Many of these cases have been covered by the media but, as with many other things in the news, they have garnered only momentary interest from the public. Several Congressional hearings have been held, chaired by the indefatigable Walden Bello (Akbayan), calling to task the recruitment agencies that have participated in trafficking and other abuses of workers. The Department of Justice and the NBI have also launched a number of investigations, looking into the culpability of a number of government officials and personnel at the POLO/OWWA offices and those employed by the Department of Foreign Affairs.

HOPE REMAINS. The wheels of justice are slowly beginning to move.

These investigations are still on-going but, for a wide range of reasons, the path to justice remains slow. Given their dire economic situation, most survivors often opt for cash settlements rather than pursue lengthy criminal, civil and administrative cases against their perpetrators. Demoralized, many victims at times feel that the law and justice are beyond their reach. At times, the entire legal process can feel complex and mystifying. Victims of illegal recruitment, trafficking and especially rape are understandably wary of telling the world about their harrowing experiences. Some think that because they are poor, abuse is a fate they cannot avoid. To make matters worse, there are few avenues they can turn to for meaningful and purposive aid – moral or otherwise — especially from the private sector. Finally, given the complicated workings of government bureaucracies, and the zealous manner with which some protect their own, cases languish, and all-too-often remain unresolved.

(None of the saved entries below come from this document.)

Lemma supp_profile_others i v : supp_profile v -> supp_others i v.
Proof. by move=> /forallP supp; apply/forallP => j; apply/implyP. Qed.

Lemma supp_profileA v j : supp_profile v -> (j < 2)%N -> (v j == negM2) || (v j == posM).
Proof. by move=> /forallP /(_ j) + Aj; rewrite /supp_type Aj. Qed.

Lemma sure_reform_supp v : supp_profile v ->
  sure_reform v = (mult negM2 v == 0%N) && (mult neg1 v == 0%N).
Proof.
move=> supp; rewrite /sure_reform [RHS]andbC; case: (mult neg1 v == 0%N) => //=.
apply/idP/idP => [/orP[// | /andP[/eqP c_negM2 /eqP c_posM]] | ->//].
have := agentsA_mult_ge2 (supp_othersB_negM2 (isT : ~~ (agent3 < 2)%N)
                            (supp_profile_others agent3 supp) c_posM).
by rewrite c_negM2.
Qed.

Lemma sum_value_lottery (M : R) v : supp_profile v -> lottery_reform v ->
  \sum_i value M (v i) = 2 * M + n%:R - 4.
Proof.
move=> supp; case/orP=> [/andP[/andP[/eqP c_negM2 /eqP c_neg1] _] | /andP[/eqP c_negM2 _]];
  last by have := @mult_le2A agent1 v negM2 (supp_profile_others _ supp) isT isT; rewrite c_negM2.
have c_posM : mult posM v = 2%N.
  rewrite -card_agentsA; apply: mult_setE => j; rewrite in_agentsA.
  have [Aj | Bj] := boolP (j < 2)%N.
    by apply/eqP; exact: eq_or_neql (supp_profileA supp Aj) (mult0_neq c_negM2 j).
  by move: ((forallP supp) j); rewrite /supp_type (negbTE Bj); case: (v j) => [[|[|[|[|?]]]] ?].
have := sum_mult (fun=> 1) v; rewrite sum_I4 sumr_const card_ord c_negM2 c_neg1 c_posM !mulr1.
rewrite sum_mult sum_I4 c_negM2 c_neg1 c_posM /value /= => ->; lra.
Qed.

Lemma welfare_fstar_gt (M : R) : 0 < M -> condB n M ->
  welfare M 0 (unanimity M (n:=n)) < welfare M 0 fstar.
Proof.
move=> M_gt0 condBM; rewrite !welfare0E ltr_pM2l ?exprn_gt0 ?invr_gt0 //.
set S := fun v => \sum_i value M (v i).
have -> : \sum_(v | supp_profile v) fstar v * S v =
    \sum_(v | supp_profile v) unanimity M v * S v
    + lottery_weight * \sum_(v | supp_profile v && lottery_reform v) S v.
  rewrite big_mkcondr mulr_sumr -big_split /=; apply: eq_bigr => v supp.
  rewrite /fstar sure_reform_supp // -(unanimityE _ M_gt0).
  by case: lottery_reform; rewrite ?mulr1 ?mulr0 ?addr0 // mulrDl.
rewrite ltrDl (eq_bigr (fun=> 2 * M + n%:R - 4)) => [|v /andP[]]; last exact: sum_value_lottery.
rewrite sumr_const mulr_gt0 ?lottery_weight_gt0 // pmulrn_lgt0.
  have n3 : (3%:R : R) <= n%:R by rewrite ler_nat.
  by move: condBM; rewrite /condB; lra.
apply/card_gt0P; exists (pos_prof agent3 neg1); rewrite unfold_in.
have : pos_prof agent3 neg1 \in event_at lottery_reform agent3 neg1.
  by rewrite lottery_neg1B ?set11.
case/event_atP => _ supp ->; rewrite andbT.
apply/forallP => j; have [->|ji] := eqVneq j agent3; first by rewrite ffunE eqxx.
exact: supp_othersP supp ji.
Qed.

End Construction.

Theorem lemma5 (R : realFieldType) (n : nat) (M : R) :
  (3 <= n)%N -> 0 < M -> condA n M -> condB n M ->
  exists fstar : profile n -> R,
    [/\ is_SCF fstar, anonymous fstar, BIC M 0 fstar &
        welfare M 0 (unanimity M (n:=n)) < welfare M 0 fstar].
Proof.
move=> n_ge3 M_gt0 _ condBM; exists (@fstar R n); split.
- exact: fstar_SCF.
- exact: fstar_anonymous.
- exact/fstar_BIC/ltW.
- exact: welfare_fstar_gt.
Qed.
Lemma E_sq_cutoff f chi : D f -> cutoff f chi -> E (fmul f f) chi <= E f f.
Proof.
  intros Df Hchi. pose proof Hchi as [Dchi _].
  set (p := fpos f). set (n := fneg f).
  assert (Dp : D p) by (apply D_pos; exact Df).
  assert (Dn : D n) by (apply D_neg; exact Df).
  assert (Hf : f = fun x => 1 * p x + (-1) * n x)
    by (extensionality x; unfold p, n, fpos, fneg; destruct_minmax; lra).
  assert (Hff : fmul f f = fadd (fmul p p) (fmul n n))
    by (extensionality x; unfold fmul, fadd, p, n, fpos, fneg; destruct_minmax; nra).
  assert (Hpn : E p n <= 0)
    by (apply E_disjoint_nonpos; auto; intros x; unfold p, n, fpos, fneg; destruct_minmax; lra).
  assert (Hsupp : forall k : X -> R, (forall x, f x = 0 -> k x = 0) -> cutoff k chi)
    by (intros k Hk; apply (cutoff_of_support f); auto).
  assert (Hp : E (fmul p p) chi <= E p p).
  { apply E_sq_cutoff_nonneg; auto; [| apply Hsupp];
      intros x; unfold p, fpos; try intros Hz; try rewrite Hz; destruct_minmax; lra. }
  assert (Hn : E (fmul n n) chi <= E n n).
  { apply E_sq_cutoff_nonneg; auto; [| apply Hsupp];
      intros x; unfold n, fneg; try intros Hz; try rewrite Hz; destruct_minmax; lra. }
  rewrite Hff, E_add by auto using D_mul.
  rewrite Hf, E_quad by assumption. lra.
Qed.

Lemma killing_sq_le f : D0 D f -> killing D E (fmul f f) <= E f f.
Proof.
  intros Hf. apply D0_iff in Hf as [Df [chi Hchi]].
  assert (Hsupp : forall x, fmul f f x <> 0 -> f x <> 0)
    by (intros x Hx Hz; apply Hx; unfold fmul; rewrite Hz; ring).
  assert (Hff : D0plus D (fmul f f)).
  { apply (D0plus_of_support f); eauto using D_mul. intros x. unfold fmul. nra. }
  assert (Hchi_ff : Eset D (fmul f f) chi).
  { apply Eset_iff_cutoff; [intros x; unfold fmul; nra |].
    apply (cutoff_of_support f); assumption. }
  rewrite killing_of_D0plus by exact Hff.
  eapply Rle_trans; [apply killing_plus_le; eassumption |].
  apply E_sq_cutoff; assumption.
Qed.

Definition Qform (f g : X -> R) : R := E f g - killing D E (fmul f g).

Lemma Q_bilinear : bilinear_form (D0 D) Qform.
Proof.
  split; [| split; [| split]].
  - split; [apply span_zero | split; [apply span_add | apply span_scal]].
  - intros f g Hf Hg. unfold Qform. rewrite E_sym by auto using D0_D.
    replace (fmul f g) with (fmul g f) by (extensionality x; unfold fmul; ring). reflexivity.
  - intros a b f g h Hf Hg Hh. unfold Qform.
    change (fadd (fscal a f) (fscal b g)) with (fun x => a * f x + b * g x).
    rewrite E_lin by auto using D0_D.
    replace (fmul (fun x => a * f x + b * g x) h) with (fun x => a * fmul f h x + b * fmul g h x)
      by (extensionality x; unfold fmul; ring).
    rewrite killing_lin by auto using D0_mul, D0_D. ring.
  - intros f Hf. unfold Qform. pose proof (killing_sq_le f Hf). lra.
Qed.

(* Write [f = u + v - w] with [u = T_1 f], [v = (f - 1)^+], [w = f^-], so that
   [f^2 = u^2 + v^2 + w^2 + 2 v]; the cross terms with [w] are nonpositive by disjointness,
   and [K v <= E(u, v)] because [u] belongs to [E_v]. *)
Lemma Q_unit_contraction : unit_contraction_operates (D0 D) Qform.
Proof.
  intros f Hf. pose proof (D0_D f Hf) as Df.
  set (u := fT1 f). set (v := fun x => Rmax (f x - 1) 0). set (w := fneg f).
  assert (Du : D u) by (apply D_T1; exact Df).
  assert (Dv : D v).
  { replace v with (fun x => fpos f x - u x)
      by (extensionality x; unfold fpos, u, v, fT1; destruct_minmax; lra).
    apply D_sub; auto using D_pos. }
  assert (Dw : D w) by (apply D_neg; exact Df).
  assert (Hsupp : forall k, D k -> (forall x, f x = 0 -> k x = 0) -> D0 D k)
    by (intros k Dk Hk; apply (D0_of_support f); auto).
  assert (D0u : D0 D u)
    by (apply Hsupp; auto; intros x Hz; unfold u, fT1; rewrite Hz; destruct_minmax; lra).
  assert (D0v : D0 D v)
    by (apply Hsupp; auto; intros x Hz; unfold v; rewrite Hz; destruct_minmax; lra).
  assert (D0w : D0 D w)
    by (apply Hsupp; auto; intros x Hz; unfold w, fneg; rewrite Hz; destruct_minmax; lra).
  split; [exact D0u | unfold Qform].
  set (s := fun x => 1 * u x + 1 * v x).
  assert (Hf_split : f = fun x => 1 * s x + (-1) * w x)
    by (extensionality x; unfold s, u, v, w, fT1, fneg; destruct_minmax; lra).
  assert (Hff_split : fmul f f = fadd (fadd (fmul u u) (fmul v v)) (fadd (fmul w w) (fscal 2 v)))
    by (extensionality x; unfold fmul, fadd, fscal, u, v, w, fT1, fneg; destruct_minmax; nra).
  assert (Hv : killing D E v <= E u v).
  { assert (Pv : D0plus D v).
    { apply D0plus_iff. apply D0_iff in D0v as [_ Hcov].
      repeat split; auto. intros x. unfold v. destruct_minmax; lra. }
    rewrite killing_of_D0plus, (E_sym u v) by assumption. apply killing_plus_le; [exact Pv |].
    repeat split; auto; intros x; unfold u, v, fT1; try intros Hx; destruct_minmax; lra. }
  assert (Huw : E u w <= 0)
    by (apply E_disjoint_nonpos; auto; intros x; unfold u, w, fT1, fneg; destruct_minmax; lra).
  assert (Hvw : E v w <= 0)
    by (apply E_disjoint_nonpos; auto; intros x; unfold v, w, fneg; destruct_minmax; lra).
  pose proof (killing_sq_le v D0v) as Hvv. pose proof (killing_sq_le w D0w) as Hww.
  rewrite Hff_split, !killing_add, killing_scal by auto using D0_add, D0_scal, D0_mul.
  rewrite Hf_split at 1 2. unfold s. rewrite E_quad, E_quad, E_lin by auto using D_lin. lra.
Qed.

Clearly, many challenges remain, and the government, working with civil society, has its work cut out for itself.  Still, this year alone, the Inter-Agency Council Against Trafficking reported the prosecution of 159 trafficking-related cases. But by far the most encouraging thing I’ve discovered since I began working on these cases has been the remarkable tenacity of the survivors themselves. Despite their despondency, they consistently refuse abusive treatment and never fail, in their own different ways, to fight back. Their determination is the reason why many of us need to continue to help them in whatever ways we can. The wheels of justice are slowly, if haltingly, beginning to move.